Step 3. Moving away from the mother, we begin to see the mother as she is in reality. I understand who she is, I understand why she is like this, what happened to her, but I am not responsible for it. I see myself in reality, I understand and accept myself, I realize that now, on this moment, only I am responsible for myself. I'm starting to grow up. We are equal, we are separated from each other and each is capable of raising himself. Separation and distance as isolation from infection and intoxication again. Feelings, sensations - calmness, acceptance, inspiration, hope, a surge of strength, interest.

Step 4 The process of growth, I learn on my own, I make mistakes myself, I correct myself, I know and accept myself, I like freedom and responsibility, first achievements, merits and experience acquired on my own. It’s as if I’m looking down at my mother and seeing her, accepting her. I am proud of myself, I understand and accept her, her choice or inability to grow herself, change her life. She is just my mother, ordinary, alive and imperfect. I’m sorry that this happened to you and to us... Feelings, sensations - satisfaction, excitement, inspiration, a surge of strength, calm, confidence, warmth, joy and regret.

Step 5. I accept and understand myself as an adult, I accept and understand my mother as an adult. We are equal, we are family, but we are free. I have my own life, my mother has hers, I have my own choice and path, my mother has hers. Each of us has the right to be ourselves. Almost adulthood and maturity. Sensations and feelings - warmth, calm, lightness, confidence.

Resources and energy are spent here no longer sorting out relationships, but directed towards the outside world! And then:

Step 6 completing the work. Understanding yourself, your meaning, path, resources, implementation of plans, responsibility, looking forward, progress, gratitude to the mother for giving birth and raising, giving what she could, warmth and ease in relationships, understanding and acceptance. As a rule, a return to true, family values, a desire to preserve relationships, to warm them, to support them to the best of one’s ability and ability, not to take everything upon oneself, but to soberly assess one’s resources.

If you can’t handle it yourself, come, together we can do it, good luck to you!

Develop your interests.
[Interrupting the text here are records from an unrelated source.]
(* Row [i] of [g] read from column [n] down to column [i], the [k]-th entry
   raised by [k]: weak inequalities of [g] become the strict ones of a pattern. *)
Definition gt_row g i : seq nat := [seq g (pt n i (n - k)) + k | k <- iota 0 (n - i).+1].

Definition gt_top : seq nat := [seq lam (inord (n - k)) + k | k <- iota 0 n.+1].

Definition gt_rows g : seq (seq nat) := [seq gt_row g i | i <- iota 1 n].

Definition map_of_pattern P : {ffun T n -> nat} :=
  [ffun p => if p \in An n then lam p.2
             else if p \in Pn n then nth 0 (nth [::] P p.1.-1) (n - p.2) - (n - p.2)
             else 0].

Lemma size_gt_row g i : size (gt_row g i) = (n - i).+1.
Proof. by rewrite size_map size_iota. Qed.

Lemma nth_gt_row g i k : k <= n - i -> nth 0 (gt_row g i) k = g (pt n i (n - k)) + k.
Proof. by move=> le_k; rewrite (nth_map 0) ?size_iota ?ltnS // nth_iota ?ltnS. Qed.

Lemma size_gt_top : size gt_top = n.+1.
Proof. by rewrite size_map size_iota. Qed.

Lemma nth_gt_top k : k <= n -> nth 0 gt_top k = lam (inord (n - k)) + k.
Proof. by move=> le_k; rewrite (nth_map 0) ?size_iota ?ltnS // nth_iota ?ltnS. Qed.

Lemma gt_top_sorted : {homo lam : i j / i <= j >-> j <= i} -> sorted leq gt_top.
Proof.
move=> lam_anti; apply/(sortedP 0) => k; rewrite size_gt_top ltnS => lt_k.
rewrite !nth_gt_top ?(ltnW lt_k) //.
have : lam (inord (n - k)) <= lam (inord (n - k.+1)).
  by apply: lam_anti; rewrite !inordK; lia.
lia.
Qed.

Lemma gt_row0 g : extends_marking lam g -> gt_row g 0 = gt_top.
Proof.
by case=> g_An _; rewrite /gt_row /gt_top subn0; apply: eq_map => k; rewrite g_An // pt0_An.
Qed.

Lemma gt_row_interlacing g i : order_preserving g -> i < n ->
  gt_row g i.+1 \in interlacings (gt_row g i).
Proof.
move=> g_op lt_in; apply/mem_interlacings; rewrite !size_gt_row.
split=> [|k lt_k]; first lia.
rewrite !nth_gt_row; try lia.
have le_down : g (pt n i (n - k)) <= g (pt n i.+1 (n - k)).
  by apply: g_op; rewrite cov_pt; lia.
have le_diag : g (pt n i.+1 (n - k)) <= g (pt n i (n - k.+1)).
  by apply: g_op; rewrite cov_pt; lia.
lia.
Qed.
Let measurable_stage k (F : (W * H k) * Y -> \bar R) :
  measurable_fun [set: (W * H k) * Y] F -> (forall q, 0 <= F q) ->
  measurable_fun [set: W * H k] (fun p => \int[PY (hist_x p.2, p.1)]_y F (p, y)).
Proof.
move=> mF F0; apply: measurable_fun_integral_pker mF F0.
exact: measurable_fun_pair (measurableT_comp (@measurable_hist_x k) measurable_snd)
  measurable_fst.
Qed.

Let measurable_loss psi k : measurable_fun [set: H k] (psi k) ->
  measurable_fun [set: (W * H k) * Y]
    (fun q => (ell (hist_x q.1.2) q.2 (psi k q.1.2))%:E).
Proof.
move=> mpsik; have mh : measurable_fun [set: (W * H k) * Y] (fun q => q.1.2).
  exact: measurableT_comp measurable_snd measurable_fst.
apply: measurable_ell; [exact: measurableT_comp (@measurable_hist_x k) mh|
  exact: measurable_snd|exact: measurableT_comp mpsik mh].
Qed.

Let measurable_next psi k : measurable_fun [set: H k] (psi k) ->
  measurable_fun [set: (W * H k) * X]
    (fun q => (q.1.1, ((q.1.2, psi k q.1.2), q.2) : H k.+1)).
Proof.
move=> mpsik; have mh : measurable_fun [set: (W * H k) * X] (fun q => q.1.2).
  exact: measurableT_comp measurable_snd measurable_fst.
apply: measurable_fun_pair; first exact: measurableT_comp measurable_fst measurable_fst.
apply: measurable_fun_pair => //.
by apply: measurable_fun_pair => //; exact: measurableT_comp mpsik mh.
Qed.

Lemma measurable_cost_to_go psi r k : admissible (k + r) psi ->
  measurable_fun [set: W * H k] (fun p => cost psi r p.1 p.2).
Proof.
elim: r k => [|r IH] k mpsi.
  apply: measurable_stage (measurable_loss _) _ => [|q]; last by rewrite lee_fin.
  by apply: mpsi; rewrite addn0.
have mpsik : measurable_fun [set: H k] (psi k) by apply: mpsi; exact: leq_addr.
have mcost : measurable_fun [set: (W * H k) * X]
    (fun q => cost psi r q.1.1 (((q.1.2, psi k q.1.2), q.2) : H k.+1)).
  have mpsi' : admissible (k.+1 + r) psi by rewrite addSnnS.
  exact: measurableT_comp (IH _ mpsi') (measurable_next mpsik).
pose G p := \int[K (i + k).+1 (hist_x p.2, psi k p.2)]_x'
  cost psi r p.1 (((p.2, psi k p.2), x') : H k.+1).
have mG : measurable_fun [set: W * H k] G.
  apply: measurable_fun_integral_pker mcost _ => [|q]; last exact: cost_to_go_ge0.
  exact: measurable_fun_pair (measurableT_comp (@measurable_hist_x k) measurable_snd)
    (measurableT_comp mpsik measurable_snd).
apply: (@measurable_stage _ (fun q => (ell (hist_x q.1.2) q.2 (psi k q.1.2))%:E + G q.1)).
  exact: emeasurable_funD (measurable_loss mpsik) (measurableT_comp mG measurable_fst).
move=> q; rewrite adde_ge0 ?lee_fin//.
by apply: integral_ge0 => x' _; exact: cost_to_go_ge0.
Qed.

Lemma integral_cost_to_goS psi r k (pi : measure W R) (h : H k) :
  pi [set: W] = 1 -> admissible (k.+1 + r) psi ->
  \int[pi]_w cost psi r.+1 w h =
  ltilde PY ell pi (hist_x h) (psi k h) +
  \int[K (i + k).+1 (hist_x h, psi k h)]_x'
    \int[pi]_w cost psi r w (((h, psi k h), x') : H k.+1).
Proof.
move=> pi1 mpsi; set x := hist_x h; set yh := psi k h.
pose c q := cost psi r q.1 (((h, yh), q.2) : H k.+1).
have mc : measurable_fun [set: W * X] c.
  apply: (measurableT_comp (measurable_cost_to_go mpsi)
    (g := fun q : W * X => (q.1, ((h, yh), q.2) : H k.+1))).
  by apply: measurable_fun_pair => //; exact: measurable_fun_pair.
have c0 q : 0 <= c q by exact: cost_to_go_ge0.
pose G w := \int[K (i + k).+1 (x, yh)]_x' c (w, x').
have mG : measurable_fun [set: W] G.
  exact: measurable_fun_integral_pker (measurable_cst _) mc c0.
pose L w := \int[PY (x, w)]_y (ell x y yh)%:E.
have mL : measurable_fun [set: W] L.
  apply: (@measurable_fun_integral_pker _ _ _ _ _ _ _ PY (fun w => (x, w))
    (fun q => (ell x q.2 yh)%:E)) => [||q]; last by rewrite lee_fin.
    exact: measurable_fun_pair.
  exact: measurable_ell.
have G0 w : 0 <= G w by apply: integral_ge0 => x' _.
have L0 w : 0 <= L w by apply: integral_ge0 => y _; rewrite lee_fin.
transitivity (\int[pi]_w (L w + G w)).
  apply: eq_integral => w _ /=; rewrite ge0_integralD//.
  - by rewrite integral_cst// prob_kernel mule1.
  - by move=> y _; rewrite lee_fin.
  - by apply: measurable_ell.
  - by move=> y _; exact: G0.
rewrite ge0_integralD//; congr (_ + _).
by apply: fubini_tonelli_finite; rewrite ?pi1 ?prob_kernel ?ltry.
Qed.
A lack of momentum or developed interests or hobbies can make you seem immature. If you find something that you enjoy and become a “professional” at it, it will make you appear more experienced and mature. It will also give you new things to talk about with other people, whether or not they share your passion.

Set goals for yourself and work to achieve them. Part of maturity is the ability to accept your existing strengths, identifying areas in which you need to become even more proficient and setting goals for the future. Remember the future and allow it to properly illuminate your decisions in life. Once you set clear, achievable, and measurable goals, start working towards achieving them.
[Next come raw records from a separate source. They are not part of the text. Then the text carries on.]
(* Let [H] be the image of [G] in the transformations of [X], so that the
   action factors through the quotient map [phi : G -> H].  [H] receives the
   group topology whose neighbourhoods of [phi g] are the sets [phi (g U)], [U]
   ranging over a filter [F] of neighbourhoods of the unit of [G].  [F] is
   generated by [chi(X)] neighbourhoods of the unit, pulled back from a local
   base of [X] at a point, by closing under symmetric square roots, under the
   [inv(G)]-indexed conjugation-invariant refinements, and under finite meets.
   Its generators are finite terms, so [chi(H) <= chi(X) * inv(G)] by
   Hessenberg's [kappa * kappa = kappa].  By transitivity, conjugates of the
   generators control neighbourhoods of every point, which makes the action of
   [H] continuous.  [H] is T1 because [X] is and [H] acts faithfully, hence
   Tychonoff as a uniform space; [ib] does not grow under the continuous
   epimorphism [phi]; and [w <= chi * ib] in every topological group.  Since
   [inv(G) <= ib(G)] (Guran), [inv(G)] may be replaced by
   [min(inv(G), ib(G))], which yields [w(H) <= chi(X) * ib(G)]. *)

Set Implicit Arguments. Unset Strict Implicit. Unset Printing Implicit Defensive.
Local Open Scope classical_set_scope.

Declare Scope tg_scope.
Notation "x * y" := (tg_mul x y) : tg_scope.
Notation "x ^-1" := (tg_inv x) : tg_scope.
Notation "1" := (tg_one _) : tg_scope.
Local Open Scope tg_scope.

(** * Cardinal invariants and topological groups *)

Lemma char_le_inj (X : topologicalType) (I J : Type) (f : I -> J) :
  injective f -> char_le X I -> char_le X J.
Proof.
move=> f_inj [[n n_inj] chX]; split; first by exists (f \o n) => i j /f_inj /n_inj.
move=> x; have [B [B_open B_base]] := chX x.
pose g := 'pinv_(fun=> n 0) setT f.
have gK i : g (f i) = i by apply: (pinvKV _ (in2W f_inj)); exact: mem_set.
exists (B \o g); split=> [j|U /B_base [i Bi]]; first exact: B_open.
by exists (f i); rewrite /= gK.
Qed.

Lemma weight_le_inj (X : topologicalType) (I J : Type) (f : I -> J) :
  injective f -> weight_le X I -> weight_le X J.
Proof.
move=> f_inj [[n n_inj] [B [B_open B_base]]].
split; first by exists (f \o n) => i j /f_inj /n_inj.
pose g := 'pinv_(fun=> n 0) setT f.
have gK i : g (f i) = i by apply: (pinvKV _ (in2W f_inj)); exact: mem_set.
exists (B \o g); split=> [j|U x U_open Ux]; first exact: B_open.
by have [i Bi] := B_base U x U_open Ux; exists (f i); rewrite /= gK.
Qed.

Section TopGroupTheory.
Variable G : topGroup.
Implicit Types (x y z : G) (U : set G).

Lemma tg_mulKg x y : x^-1 * (x * y) = y.
Proof. by rewrite tg_mulA tg_mulVg tg_mul1g. Qed.

Lemma tg_mulgV x : x * x^-1 = 1.
Proof.
have -> : x * x^-1 = x^-1^-1 * x^-1 * (x * x^-1) by rewrite tg_mulVg tg_mul1g.
by rewrite -tg_mulA (tg_mulKg x) tg_mulVg.
Qed.

Lemma tg_mulg1 x : x * 1 = x.
Proof. by rewrite -(tg_mulVg x) tg_mulA tg_mulgV tg_mul1g. Qed.

Lemma tg_mulKVg x y : x * (x^-1 * y) = y.
Proof. by rewrite tg_mulA tg_mulgV tg_mul1g. Qed.

Lemma tg_mulgK x y : y * x * x^-1 = y.
Proof. by rewrite -tg_mulA tg_mulgV tg_mulg1. Qed.

Lemma tg_invgK x : x^-1^-1 = x.
Proof. by rewrite -[RHS](tg_mulKg x^-1) tg_mulVg tg_mulg1. Qed.

Lemma tg_invg1 : (1 : G)^-1 = 1.
Proof. by rewrite -[LHS]tg_mul1g tg_mulgV. Qed.

Lemma tg_invMg x y : (x * y)^-1 = y^-1 * x^-1.
Proof.
rewrite -[RHS]tg_mulg1 -(tg_mulgV (x * y)) tg_mulA.
by rewrite -(tg_mulA y^-1) tg_mulKg tg_mulVg tg_mul1g.
Qed.

Lemma tg_nbhs_mul x y (S : set G) : nbhs (x * y) S ->
  exists P Q, [/\ nbhs x P, nbhs y Q & forall u v, P u -> Q v -> S (u * v)].
Proof.
move=> /(@tg_mul_cont G (x, y)) [[P Q] /= [Px Qy] PQS].
by exists P, Q; split=> // u v Pu Qv; exact: (PQS (u, v)).
Qed.

Lemma tg_lmul_cont x : continuous (fun y => x * y).
Proof.
move=> y S /tg_nbhs_mul [P [Q [Px Qy PQS]]].
by apply: filterS Qy => v; exact: PQS (nbhs_singleton Px).
Qed.

Lemma tg_rmul_cont x : continuous (fun y => y * x).
Proof.
move=> y S /tg_nbhs_mul [P [Q [Py Qx PQS]]].
by apply: filterS Py => u Pu; exact: PQS Pu (nbhs_singleton Qx).
Qed.

Lemma tg_nbhs1_sqrt U : nbhs 1 U -> exists V, [/\ nbhs 1 V,
  forall v, V v -> V v^-1 & forall u v, V u -> V v -> U (u * v)].
Proof.
move=> U1; have : nbhs (1 * 1) U by rewrite tg_mul1g.
move=> /tg_nbhs_mul [P [Q [P1 Q1 PQU]]].
have PQ1 : nbhs 1 (P `&` Q) by exact: filterI.
have PQinv1 : nbhs 1 [set v | (P `&` Q) v^-1].
  by apply: tg_inv_cont; rewrite tg_invg1.
exists (P `&` Q `&` [set v | (P `&` Q) v^-1]); split.
- exact: filterI.
- by move=> v [PQv PQv']; split=> //=; rewrite tg_invgK.
- by move=> u v [[Pu _] _] [[_ Qv] _]; exact: PQU.
Qed.

Lemma tg_nbhs1_conj x U : nbhs 1 U -> nbhs 1 [set v | U (x * v * x^-1)].
Proof.
rewrite -{1}(tg_mulgV x) -{1}[x]tg_mulg1 => U1.
exact: tg_lmul_cont (tg_rmul_cont U1).
Qed.

End TopGroupTheory.

Lemma inv_le_of_ib_le (G : topGroup) (C : Type) : ib_le G C -> inv_le G C.
Proof.
move=> [Cinf ibC]; split=> // U U1.
have [V1 [V1_1 _ V1V1]] := tg_nbhs1_sqrt U1.
have [V [V_1 Vinv VV]] := tg_nbhs1_sqrt V1_1.
have [b bV] := ibC _ V_1.
exists (fun c => [set w | V ((b c)^-1 * w * b c)]); split.
  by move=> c; have := tg_nbhs1_conj (b c)^-1 V_1; rewrite tg_invgK.
move=> x; have [c [u [Vu xE]]] := bV x^-1; exists c => w /= Vw.
have -> : x = u^-1 * (b c)^-1 by rewrite -[x]tg_invgK xE tg_invMg.
have -> : u^-1 * (b c)^-1 * w * (u^-1 * (b c)^-1)^-1 =
          u^-1 * ((b c)^-1 * w * b c) * u.
  by rewrite tg_invMg !tg_invgK !tg_mulA.
apply: V1V1; first by apply: VV => //; exact: Vinv.
by rewrite -[u]tg_mulg1; apply: VV => //; exact: nbhs_singleton.
Qed.

Lemma ib_le_epi (G H : topGroup) (phi : G -> H) (D : Type) :
  cont_hom phi -> (forall h, exists g, phi g = h) -> ib_le G D -> ib_le H D.
Proof.
move=> [phi_cont phiM] phi_surj [D_inf ibG]; split=> // U U1.
have phi1 : phi 1 = 1.
  have := phiM 1 1; rewrite tg_mul1g => E.
  by rewrite -(tg_mulVg (phi 1)) {3}E tg_mulKg.
have : nbhs 1 (phi @^-1` U) by apply: phi_cont; rewrite phi1.
move=> /ibG [b bP]; exists (phi \o b) => h; have [g <-] := phi_surj h.
by have [d [u [Uu ->]]] := bP g; exists d, (phi u); split=> //; exact: phiM.
Qed.

Lemma weight_le_char_ib (H : topGroup) (I C : Type) :
  char_le H I -> ib_le H C -> weight_le H (C * I).
Proof.
move=> [[m m_inj] chH] [[n n_inj] ibH].
split; first by exists (fun k => (n k, m k)) => i j [/n_inj].
have [V [V_open V_base]] := chH 1.
have V1 i : nbhs 1 (V i) by apply: open_nbhs_nbhs; exact: V_open.
pose b i := projT1 (cid (ibH _ (V1 i))).
have bP i h : exists c v, V i v /\ h = b i c * v.
  by rewrite /b; case: cid => f /= fP; exact: fP.
exists (fun ci => [set h | V ci.2 ((b ci.2 ci.1)^-1 * h)]); split.
  by move=> [c i]; apply: (continuousP _).1 (V_open i).1; exact: tg_lmul_cont.
move=> U h U_open Uh.
have : nbhs 1 [set v | U (h * v)].
  by apply: tg_lmul_cont; rewrite tg_mulg1; apply: open_nbhs_nbhs.
move=> /V_base [i0 Vi0U]; have [W [W1 W_inv WW]] := tg_nbhs1_sqrt (V1 i0).
have [i ViW] := V_base _ W1; have [c [v [Viv hE]]] := bP i h.
exists (c, i); split=> [|h' /= Vh']; first by rewrite /= hE tg_mulKg.
have -> : h' = h * (v^-1 * ((b i c)^-1 * h')).
  by rewrite hE tg_mulA tg_mulgK tg_mulKVg.
by apply/Vi0U/WW; [apply/W_inv/ViW | apply/ViW].
Qed.

(** * Cardinal arithmetic *)

Definition pbij {T U} (R : set (T * U)) :=
  forall x y x' y', R (x, y) -> R (x', y') -> (x = x' <-> y = y').

Lemma pbij_inv T U (R : set (T * U)) : pbij R -> pbij R^-1%relation.
Proof. by move=> Rbij y x y' x' Rxy Rxy'; apply: iff_sym; exact: Rbij. Qed.

Section PartialBijections.
Variables T U : Type.
Implicit Types R : set (T * U).

Lemma pbij_bigcup (F : set (set (T * U))) :
  F `<=` pbij -> total_on F subset -> pbij (\bigcup_(R in F) R).
Proof.
move=> Fbij Ftot x y x' y' [R FR Rxy] [R' FR' Rxy'].
have [RR'|R'R] := Ftot _ _ FR FR'.
- exact: Fbij FR' _ _ _ _ (RR' _ Rxy) Rxy'.
- exact: Fbij FR _ _ _ _ Rxy (R'R _ Rxy').
Qed.

Definition graph_fun (u0 : U) R (x : T) : U :=
  if pselect (exists y, R (x, y)) is left h then projT1 (cid h) else u0.

Lemma graph_funE u0 R x y : pbij R -> R (x, y) -> graph_fun u0 R x = y.
Proof.
move=> Rbij Rxy; rewrite /graph_fun; case: pselect => [h|[]]; last by exists y.
by case: (cid h) => y' /= Rxy'; apply/(Rbij _ _ _ _ Rxy' Rxy).
Qed.

Lemma pbij_graph_fun u0 (A : set T) (B : set U) R :
  R `<=` A `*` B -> pbij R -> A `<=` fst @` R ->
  set_fun A B (graph_fun u0 R) /\ set_inj A (graph_fun u0 R).
Proof.
move=> RAB Rbij AR; have Rf x : A x -> R (x, graph_fun u0 R x).
  by move=> /AR [[x' y] Rxy /= <-]; rewrite (graph_funE u0 Rbij Rxy).
split=> [x /Rf /RAB [] //|x x' /set_mem /Rf Rx /set_mem /Rf Rx' E].
by apply/(Rbij _ _ _ _ Rx Rx'); rewrite E.
Qed.

End PartialBijections.

Lemma card_comparable T U (t0 : T) (u0 : U) (A : set T) (B : set U) :
  (exists f, set_fun A B f /\ set_inj A f) \/
  (exists g, set_fun B A g /\ set_inj B g).
Proof.
pose P R := R `<=` A `*` B /\ pbij R.
have [R [[RAB Rbij] Rmax]] : exists R, P R /\ forall R', R `<` R' -> ~ P R'.
  apply: Zorn_bigcup => F FP Ftot; split; first by move=> z [R /FP [RAB _] /RAB].
  by apply: pbij_bigcup Ftot => R /FP [].
have [AR|/existsNP [a /not_implyP [Aa nRa]]] := pselect (A `<=` fst @` R).
  by left; exists (graph_fun u0 R); exact: pbij_graph_fun.
have [BR|/existsNP [b /not_implyP [Bb nRb]]] := pselect (B `<=` snd @` R).
  right; exists (graph_fun t0 R^-1%relation); apply: pbij_graph_fun.
  - by move=> [y x] /RAB [].
  - exact: pbij_inv.
  - by move=> y /BR [[x y'] Rxy /= <-]; exists (y', x).
exfalso; apply: (Rmax (R `|` [set (a, b)])).
  split=> [|sub]; first exact: subsetUl.
  by apply: nRa; exists (a, b) => //; apply: sub; right.
split; first by move=> _ [/RAB //|->].
move=> x y x' y' [Rxy|[-> ->]] [Rxy'|[-> ->]] //; first exact: Rbij.
- by split=> E; exfalso; [apply: nRa; exists (x, y) | apply: nRb; exists (x, y)].
- by split=> E; exfalso; [apply: nRa; exists (x', y') | apply: nRb; exists (x', y')].
Qed.

Section Hessenberg.
Variables (T : Type) (n : nat -> T).
Hypothesis n_inj : injective n.

Let N := range n.

Let n_inv := 'pinv_(fun=> 0) setT n.

Let n_invK : cancel n n_inv.
Proof. by move=> i; apply: (pinvKV _ (in2W n_inj)); exact: in_setT. Qed.

Let f0 (z : T * T) : T := n (pickle (n_inv z.1, n_inv z.2)).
Learn to recognize when you can fool around. You don't have to be serious all the time to appear mature. True maturity involves understanding the appropriateness of behavior and knowing when to fool around and when to be serious. It's good if you can be frivolous different levels, to be able to reduce your mood to fool around to different scales.

  • Try to set aside time for yourself every day to just be lazy. You need time to let off steam and sit back. Give yourself some time (say, after school) to have some fun.
  • It is worth understanding that your frivolity does not always suit formal situations, for example, at school, in church, in the workplace and especially at a funeral. You will be expected to show consideration, not play pranks. So frivolity in such situations usually signals a person’s immaturity.
  • However, in informal situations, such as with friends or even with family, it is appropriate to fool around. It may even bond you even more tightly to each other.
  • Set some criteria for yourself so you know when it's okay to be frivolous or make a joke, and when not. Do not allow yourself jokes and pranks of a mean or humiliating nature.
  • Respect others. We all need to live in peace with each other. If you do things to deliberately irritate others or don't take other people's feelings into account when doing something, others may view you as immature. Try to be mindful of the needs and desires of those around you, this will help you build a reputation for yourself as a mature and respectable person.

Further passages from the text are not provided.